Why does scanf not working with regex and dynamic allocation

Question

I'm trying to use scanf with a char pointer to store a string. In case of ENTER key stroke, I want it to be catched. I know I could use fgets but I'm curious to know if it's possible so I managed to write the following code:

#include <stdio.h>
#include <stdlib.h>

int main(void)
{
    char *string = NULL;

    printf("Type anything : ");

    scanf("%*[^\n]%10[^\n]ms", string);

    printf("Your input : %s\n", string);

    free(string);

    return EXIT_SUCCESS;
}

But doesn't seems to work well. Here's the output :

Type anything : 123
Your input : (null)
Type anything : 
Your input : (null)

How can I make my program to display the string correctly ?

Answer 1

The first thing you need to know before I explain your issue is that %[^\n] will fail if the first character to be read is a \n.

Now lets analyze what scanf("%*[^\n]%10[^\n]ms", string); means:

1. %*[^\n] scans everything until a newline character, but doesn't scan in the final \n.

2. %10[^\n]ms doesn't really do what you think it does:

   • Remember! %s and %[ are two different format specifiers! The trailing s is not part of the %[ specifier.
   • You got the m at the wrong position.

   
   Correcting these, it should be %10m[^\n] which scans everything until a newline character or a maximum of 10 characters, whichever happens first, and also allocates enough memory to hold this string.

Another bug is that m expects a char**, not a char* and so, you should be supplying &string and not just string.

Now, lets execute your scanf (after correcting the above mistakes)!

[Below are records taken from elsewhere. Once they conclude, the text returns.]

(* Let $\Gamma=(U\cup V,E)$ be a $3$-regular bipartite graph and let $\hat\Gamma$, $\eta$, $\eta'$, $\mathrm{sgn}$ and $\mu(F,f)$ be as described in the context. For any $2$-factor $F$ of $\Gamma$, any functions $f,g:F\to\{0,1\}$ and any perfect matchings $\mu_1\in\mu(F,f)$ and $\mu_2\in\mu(F,g)$, we have $\mathrm{sgn}(\mu_1)=\mathrm{sgn}(\mu_2)$.
   Context: Construction of $\hat\Gamma$: for each vertex $v$ of $\Gamma$ with neighbours $x,y,z$, there are four inner vertices $a_{v,S}$, one for each subset $S\subseteq\{x,y,z\}$ of even size (the set $I_v$), and six outer vertices $b_{v,u,0},b_{v,u,1}$ for $u\in\{x,y,z\}$ (the set $O_v$). Within the gadget, $a_{v,S}$ is adjacent to $b_{v,u,1}$ if $u\in S$ and to $b_{v,u,0}$ if $u\notin S$. For each edge $e=\{u,v\}\in E$ and $i\in\{0,1\}$ there is an edge $e_i$ joining $b_{v,u,i}$ and $b_{u,v,i}$. No other edges. Let $X=\bigcup_{v\in U}I_v\cup\bigcup_{v\in V}O_v$, $Y=\bigcup_{v\in V}I_v\cup\bigcup_{v\in U}O_v$, $n=|X|=|Y|=10|U|$, and fix bijections $\eta:X\to[n]$, $\eta':Y\to[n]$. A perfect matching is a bijection $\mu:X\to Y$ with $\mu(x)$ adjacent to $x$ for all $x$; $\mathrm{sgn}(\mu)$ is the sign of the permutation $\eta'\circ\mu\circ\eta^{-1}$ of $[n]$. A perfect matching $\mu$ is uniform if for every $e\in E$ at most one of $e_0,e_1$ is in $\mu$; then $F_\mu$ is the set of $e\in E$ with exactly one of $e_0,e_1$ in $\mu$, and $f_\mu(e)=i$ iff $e_i\in\mu$. A $2$-factor of $\Gamma$ is a set $F\subseteq E$ such that every vertex is incident to exactly two edges of $F$. $\mu(F,f)$ is the set of uniform perfect matchings $\mu$ with $F_\mu=F$ and $f_\mu=f$. *)

From mathcomp Require Import all_boot all_fingroup.
Set Implicit Arguments. Unset Strict Implicit. Unset Printing Implicit Defensive.

Section Gadget.
Variables (U V : finType) (r : U -> V -> bool).
(* Gamma = (U \cup V, E) with E = { {u,v} | r u v } : a simple bipartite graph. *)

Definition vtx := (U + V)%type.

Definition isU (w : vtx) : bool := if w is inl _ then true else false.

Definition nbr (w x : vtx) : bool :=
  match w, x with
  | inl u, inr v => r u v
  | inr v, inl u => r u v
  | _, _ => false
  end.

Definition N (w : vtx) : {set vtx} := [set x | nbr w x].

Definition cubic : Prop := forall w : vtx, #|N w| = 3.

(* vertices of hat Gamma (together with junk, filtered by the predicates below):
   inl (v, S)    stands for a_{v,S}
   inr (v, u, i) stands for b_{v,u,i} *)
Definition HV := ((vtx * {set vtx}) + (vtx * vtx * bool))%type.

Definition inner_ok (v : vtx) (S : {set vtx}) : bool := (S \subset N v) && ~~ odd #|S|.
Definition outer_ok (v u : vtx) : bool := nbr v u.

Definition Xset : {set HV} :=
  [set h : HV | match h with
                | inl (v, A) => isU v && inner_ok v A
                | inr (v, u, _) => ~~ isU v && outer_ok v u
                end].
Definition Yset : {set HV} :=
  [set h : HV | match h with
                | inl (v, A) => ~~ isU v && inner_ok v A
                | inr (v, u, _) => isU v && outer_ok v u
                end].

Definition Xt := {h : HV | h \in Xset}.
Definition Yt := {h : HV | h \in Yset}.

Definition hadj (h h' : HV) : bool :=
  match h, h' with
  | inl (v, A), inr (v', u, i) => (v' == v) && nbr v u && (i == (u \in A))
  | inr (v', u, i), inl (v, A) => (v' == v) && nbr v u && (i == (u \in A))
  | inr (v, u, i), inr (v', u', i') =>
      (v' == u) && (u' == v) && (i == i') && nbr v u
  | _, _ => false
  end.

Definition perfect_matching (mu : Xt -> Yt) : Prop :=
  bijective mu /\ forall x : Xt, hadj (val x) (val (mu x)).

(* For an edge e = {u,v} (u in U, v in V), e_i joins b_{v,u,i} (in X) and
   b_{u,v,i} (in Y); e_i \in mu means mu maps the former to the latter. *)
Definition edge_in (mu : Xt -> Yt) (u : U) (v : V) (i : bool) : Prop :=
  exists x : Xt, val x = inr (inr v, inl u, i) /\ val (mu x) = inr (inl u, inr v, i).

Definition two_factor (F : {set U * V}) : Prop :=
  [/\ forall e, e \in F -> r e.1 e.2,
      forall u : U, #|[set v : V | (u, v) \in F]| = 2
    & forall v : V, #|[set u : U | (u, v) \in F]| = 2].

(* mu \in mu(F,f): mu is a uniform perfect matching with F_mu = F and f_mu = f
   (on F). For every edge e of Gamma and i, e_i \in mu iff e \in F and i = f e. *)
Definition in_muFf (F : {set U * V}) (f : U * V -> bool) (mu : Xt -> Yt) : Prop :=
  perfect_matching mu /\
  forall (u : U) (v : V) (i : bool), r u v ->
    (edge_in mu u v i <-> ((u, v) \in F /\ i = f (u, v))).

End Gadget.

Arguments in_muFf [U V] r F f mu.
Arguments perfect_matching [U V] r mu.
Arguments edge_in [U V] r mu u v i.

From HB Require Import structures.
From mathcomp Require Import all_boot all_fingroup.
Set Implicit Arguments. Unset Strict Implicit. Unset Printing Implicit Defensive.

(* Let rho = mu2^-1 mu1, a permutation of X of parity sgn mu1 * sgn mu2, and let theta be
   the involution of the outer vertices exchanging b_{v,u,0} and b_{v,u,1} whenever
   {u,v} is in F and f, g differ on it; theta carries the F-edges used by mu(F,g) to those
   used by mu(F,f). Then pi = mu2^-1 theta mu1 theta is a permutation of X with
   sgn pi = sgn theta_X * sgn rho * sgn theta_Y, and pi maps every gadget to itself.
   Inside the gadget of a vertex with F-neighbours P and Q, a matching of mu(F,h) pairs the
   four inner vertices with the four outer vertices off its F-edges in one of exactly two
   ways, and a finite computation shows that pi and theta both have parity d_P + d_Q on the
   gadget, where d_c records whether f and g differ on the edge to c. Summing over the
   gadgets gives sgn pi = sgn theta_X * sgn theta_Y, so rho is even. *)

(** * Parity of permutations *)

Section SwapParity.
Variable T : eqType.

(* [swap_parity xs f] is the parity of the number of transpositions selection sort uses to
   turn [f] into the identity on [xs]; unlike [odd_perm] it evaluates on concrete maps. *)
Definition swap_step (x : T) (f : T -> T) : T -> T :=
  fun z => if f z == x then f x else if f z == f x then x else f z.

Fixpoint swap_parity (xs : seq T) (f : T -> T) : bool :=
  if xs is x :: xs' then (f x != x) (+) swap_parity xs' (swap_step x f) else false.

Lemma eq_swap_parity xs f g : {in xs, f =1 g} -> swap_parity xs f = swap_parity xs g.
Proof.
elim: xs f g => [//|x xs IH] f g fg /=.
rewrite fg ?mem_head //; congr addb; apply: IH => z zin.
by rewrite /swap_step !fg ?mem_head // inE zin orbT.
Qed.
End SwapParity.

1. Execution reaches the scanf and scanf waits for input.
2. You type 123\n.
3. %*[^\n] scans and discards the 123, sees the \n, and stops scanning, not consuming the \n.
4. %10m[^\n] sees the \n and fails for the reason given in the first sentence of my answer.
5. scanf returns 0 (since nothing was scanned and assigned successfully) and scanf completes execution.
6. printf prints (null) since string is still NULL.

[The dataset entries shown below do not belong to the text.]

(* There exists $K_0>0$ such that for every $R>2$ and every $y\in[2,3]$, the function $x\mapsto\sqrt{\iota_R(x,y)}$ is continuously differentiable on $[0,\infty)$ and for all $x\ge0$, $$0\le\partial_x\sqrt{\iota_R(x,y)}\le K_0\sqrt{y-2}\,g_R(x,y),\qquad 0\le\sqrt{\iota_R(x,y)}\le K_0\sqrt{y-2}\,\rho_R(x,y).$$
   Context: Let $\xi$ be a nondecreasing $C^2$ function on $[0,\infty)$ with $\xi(x)=(x-1)^3\vee0$ for $x\in[0,3/2]$ and $\xi(x)=1$ for $x\ge2$. For $x\ge0$, $y\ge2$: $\zeta(x,y)=2x+(yx^{y-1}-2x)\xi(x)$. For $R>2$: $g_R(x,y)=\sqrt{(\partial_x\zeta)(x\wedge R,y)}$, $h_R(x,y)=\int_0^xg_R(s,y)^2\,ds$, $\phi_R(x,y)=\int_0^xh_R(s,y)\,ds$, $\rho_R(x,y)=\int_0^xg_R(s,y)\,ds$, $\iota_R(x,y)=xh_R(x,y)-2\phi_R(x,y)$. *)

From Stdlib Require Import Reals Lra ClassicalEpsilon.
Open Scope R_scope.

(* Real power x^a for x >= 0, with the convention 0^a = 0 (only used with a >= 0;
   the value at 0 never matters since xi vanishes near 0). *)
Definition rpow (x a : R) : R := if Rlt_dec 0 x then Rpower x a else 0.

Definition deriv_within_nonneg_at (F : R -> R) (x l : R) : Prop :=
  forall eps : R, 0 < eps -> exists delta : R, 0 < delta /\
    forall h : R, h <> 0 -> 0 <= x + h -> Rabs h < delta ->
      Rabs ((F (x + h) - F x) / h - l) < eps.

Ok, so we now saw what went wrong. The real question is, why do you have %*[^\n] at the start of scanf for this small program? Remove it and everything will work as expected!

---

Suggestions:

1. Add scanf("%*[^\n]"); getchar(); after the scanf so that the rest of the input (if any) along with the final \n gets popped out of the stdin and future reads will not be problematic.
2. Check the return value of scanf to see if it was successful or not. RTFM to know what it returns.

---

Fixed code ^_(Untested)

#include <stdio.h>
#include <stdlib.h>

int main(void)
{
    char *string = NULL;

    printf("Type anything : ");

    if(scanf("%10m[^\n]", &string) != 1)
    {
        fputs("Uh, oh! `scanf` failed! Exiting...\n", stderr);
        return EXIT_FAILURE;
    }
    scanf("%*[^\n]");
    getchar();

    printf("Your input : %s\n", string);

    free(string);

    return EXIT_SUCCESS;
}

---

^{This answer assumes that your implementation supports the m format specifier}

Answer 2

The [ format specifier (conversion, really) for scanf() specifies a character range of accepted (or, if it starts with [^, rejected) characters. It is not a regular expression.

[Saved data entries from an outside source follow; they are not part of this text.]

Lemma val_stratE w lam s L :
  (forall u, 0 <= lam (u, s u) <= L) -> L < 1 ->
  forall v, val_strat w lam s v = w (v, s v) + lam (v, s v) * val_strat w lam s (s v).
Proof.
move=> lamL L1 v; apply: cvg_lim => //; rewrite -cvg_shiftS /=.
have -> : (fun n => series (outcome_term w lam s v) n.+1) =
    (fun n => w (v, s v) + lam (v, s v) * series (outcome_term w lam s (s v)) n).
  apply: funext => n; rewrite /series /= big_nat_recl // outcome_term0 mulr_sumr.
  by congr (_ + _); apply: eq_bigr => i _; rewrite outcome_termS.
apply: cvgD; first exact: cvg_cst.
by apply: cvgMl_tmp; apply: is_cvg_outcome_series lamL L1 (s v).
Qed.

(* At a maximiser [m] of [d] with [d m > 0] the hypothesis gives [d m <= c + L * d m]. *)
Lemma contraction_bound (d : V -> R) (next : V -> V) (l : V -> R) (c L : R) :
  (forall u, 0 <= l u <= L) -> L < 1 -> 0 <= c ->
  (forall u, d u <= c + l u * d (next u)) -> forall u, (1 - L) * d u <= c.
Proof.
move=> lL L1 c0 dle u.
have [m _ maxm] := @arg_maxP _ _ V u predT d erefl.
have {}maxm j : d j <= d m by exact: maxm.
have L1' : 0 <= 1 - L by rewrite subr_ge0 ltW.
apply: le_trans (_ : (1 - L) * d m <= c); first by rewrite ler_wpM2l.
have [dm0|dm0] := lerP (d m) 0; first by apply: le_trans c0; rewrite mulr_ge0_le0.
have /andP[lm0 lmL] := lL m.
have : l m * d (next m) <= L * d m.
  by rewrite (le_trans (ler_wpM2l lm0 (maxm _))) // ler_wpM2r // ltW.
by have := dle m; rewrite mulrBl mul1r; lra.
Qed.

End Discounted.

Section GameValue.
Variables (R : realType) (V : finType) (Vmax : {set V}) (E : {set V * V})
  (w lam : V * V -> R) (L : R).
Hypothesis E_total : forall v, exists v', (v, v') \in E.
Hypothesis lamL : forall e, e \in E -> 0 <= lam e <= L.
Hypothesis L1 : L < 1.

Local Notation joint := (joint_strategy E).
Local Notation val := (val_strat w lam).
Implicit Type y : V -> R.

Lemma val_bellman (s : V -> V) : joint s ->
  forall v, val s v = w (v, s v) + lam (v, s v) * val s (s v).
Proof. by move=> js; apply: (val_stratE w (L := L)) => // u; apply: lamL. Qed.

Lemma val_le_super (m : V -> V) y : joint m ->
  (forall x, w (x, m x) + lam (x, m x) * y (m x) <= y x) -> forall x, val m x <= y x.
Proof.
move=> jm super x; rewrite -subr_le0.
have L1' : 0 < 1 - L by rewrite subr_gt0.
rewrite -(pmulr_rle0 _ L1'); move: x.
apply: (contraction_bound (next := m) (l := fun u => lam (u, m u))) => //.
- by move=> u; apply/lamL/jm.
- move=> u; rewrite add0r (val_bellman jm u); have := super u.
  by have /andP[lam0 _] := lamL (jm u); nra.
Qed.

Lemma val_ge_sub (m : V -> V) y : joint m ->
  (forall x, y x <= w (x, m x) + lam (x, m x) * y (m x)) -> forall x, y x <= val m x.
Proof.
move=> jm sub x; rewrite -subr_le0.
have L1' : 0 < 1 - L by rewrite subr_gt0.
rewrite -(pmulr_rle0 _ L1'); move: x.
apply: (contraction_bound (next := m) (l := fun u => lam (u, m u))) => //.
- by move=> u; apply/lamL/jm.
- move=> u; rewrite add0r (val_bellman jm u); have := sub u.
  by have /andP[lam0 _] := lamL (jm u); nra.
Qed.

Lemma sum_val_lt_super (m : V -> V) y u : joint m ->
  (forall x, w (x, m x) + lam (x, m x) * y (m x) <= y x) ->
  w (u, m u) + lam (u, m u) * y (m u) < y u -> \sum_x val m x < \sum_x y x.
Proof.
move=> jm super superu; apply: (ler_sum_lt (i := u)); first exact: val_le_super.
rewrite (val_bellman jm u); apply: le_lt_trans superu.
by have /andP[lam0 _] := lamL (jm u); rewrite lerD2l ler_wpM2l ?val_le_super.
Qed.

Lemma sum_val_gt_sub (m : V -> V) y u : joint m ->
  (forall x, y x <= w (x, m x) + lam (x, m x) * y (m x)) ->
  y u < w (u, m u) + lam (u, m u) * y (m u) -> \sum_x y x < \sum_x val m x.
Proof.
move=> jm sub subu; apply: (ler_sum_lt (i := u)); first exact: val_ge_sub.
rewrite (val_bellman jm u); apply: lt_le_trans subu _.
by have /andP[lam0 _] := lamL (jm u); rewrite lerD2l ler_wpM2l ?val_ge_sub.
Qed.

Lemma joint_mix (s t : V -> V) : joint s -> joint t -> joint (mix Vmax s t).
Proof. by move=> js jt v; rewrite /mix; case: ifP. Qed.

Definition jointb (t : {ffun V -> V}) : bool := [forall v, (v, t v) \in E].

Lemma jointbP (t : {ffun V -> V}) : reflect (joint t) (jointb t).
Proof. exact: (iffP forallP). Qed.

Definition some_joint : {ffun V -> V} := [ffun v => xchoose (E_total v)].

Lemma jointb_some_joint : jointb some_joint.
Proof. by apply/jointbP => v; rewrite ffunE; exact: (xchooseP (E_total v)). Qed.

Definition redirect (t : {ffun V -> V}) u u' : {ffun V -> V} :=
  [ffun x => if x == u then u' else t x].

Lemma jointb_redirect (t : {ffun V -> V}) (u u' : V) :
  jointb t -> (u, u') \in E -> jointb (redirect t u u').
Proof.
by move=> /jointbP jt uu'; apply/jointbP => x; rewrite ffunE; case: eqP => [->|].
Qed.

(* A best response of Min to [s] minimises the total value over all vertices;
   it is then optimal at every vertex simultaneously. *)
Definition best_response (s : V -> V) : {ffun V -> V} :=
  [arg min_(t < some_joint | jointb t) \sum_v val (mix Vmax s t) v]%O.

Lemma best_response_spec (s : V -> V) : jointb (best_response s) /\
  forall t, jointb t ->
    \sum_v val (mix Vmax s (best_response s)) v <= \sum_v val (mix Vmax s t) v.
Proof. by rewrite /best_response; case: arg_minP; first exact: jointb_some_joint. Qed.

Lemma best_response_min_ineq (s : V -> V) u u' :
  joint s -> u \notin Vmax -> (u, u') \in E ->
  val (mix Vmax s (best_response s)) u <=
  w (u, u') + lam (u, u') * val (mix Vmax s (best_response s)) u'.
Proof.
move=> js uNmax uu'; set z := val _; rewrite leNgt; apply/negP => improving.
have [jb minb] := best_response_spec s.
have jt : jointb (redirect (best_response s) u u') by exact: jointb_redirect.
set m := mix Vmax s (redirect (best_response s) u u').
have jm : joint m by apply/joint_mix/jointbP.
have jz : joint (mix Vmax s (best_response s)) by apply/joint_mix/jointbP.
have mu : m u = u' by rewrite /m /mix ffunE (negbTE uNmax) eqxx.
have super x : w (x, m x) + lam (x, m x) * z (m x) <= z x.
  case: (eqVneq x u) => [->|xu]; first by rewrite mu ltW.
  by rewrite /z (val_bellman jz x) /m /mix ffunE (negbTE xu).
have := sum_val_lt_super jm super (u := u); rewrite mu => /(_ improving).
by rewrite ltNge => /negP; apply; exact: minb.
Qed.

You need to either declare string as a fixed-length array, or use malloc() to allocate memory for it.

The following modified version uses a fixed-length string of 99 characters plus a string terminating \0 (i.e. 100 char long):

#include <stdio.h>
#include <stdlib.h>

int main(void)
{
        char string[100];

        printf("Type anything : ");

        scanf("%99s", string);

        printf("Your input : %s\n", string);

        return EXIT_SUCCESS;
}

The following variation of the code uses a dynamic array for doing the same thing:

#include <stdio.h>
#include <stdlib.h>

int main(void)
{
        char *string;

        string = malloc(100);

        if (string == NULL) {
                puts("Something went wrong");
                abort();
        }

        printf("Type anything : ");

        scanf("%99s", string);

        printf("Your input : %s\n", string);

        free(string);

        return EXIT_SUCCESS;
}

To use regular expressions in C un a Unix system, look up the regcomp() function declared in the regex.h header.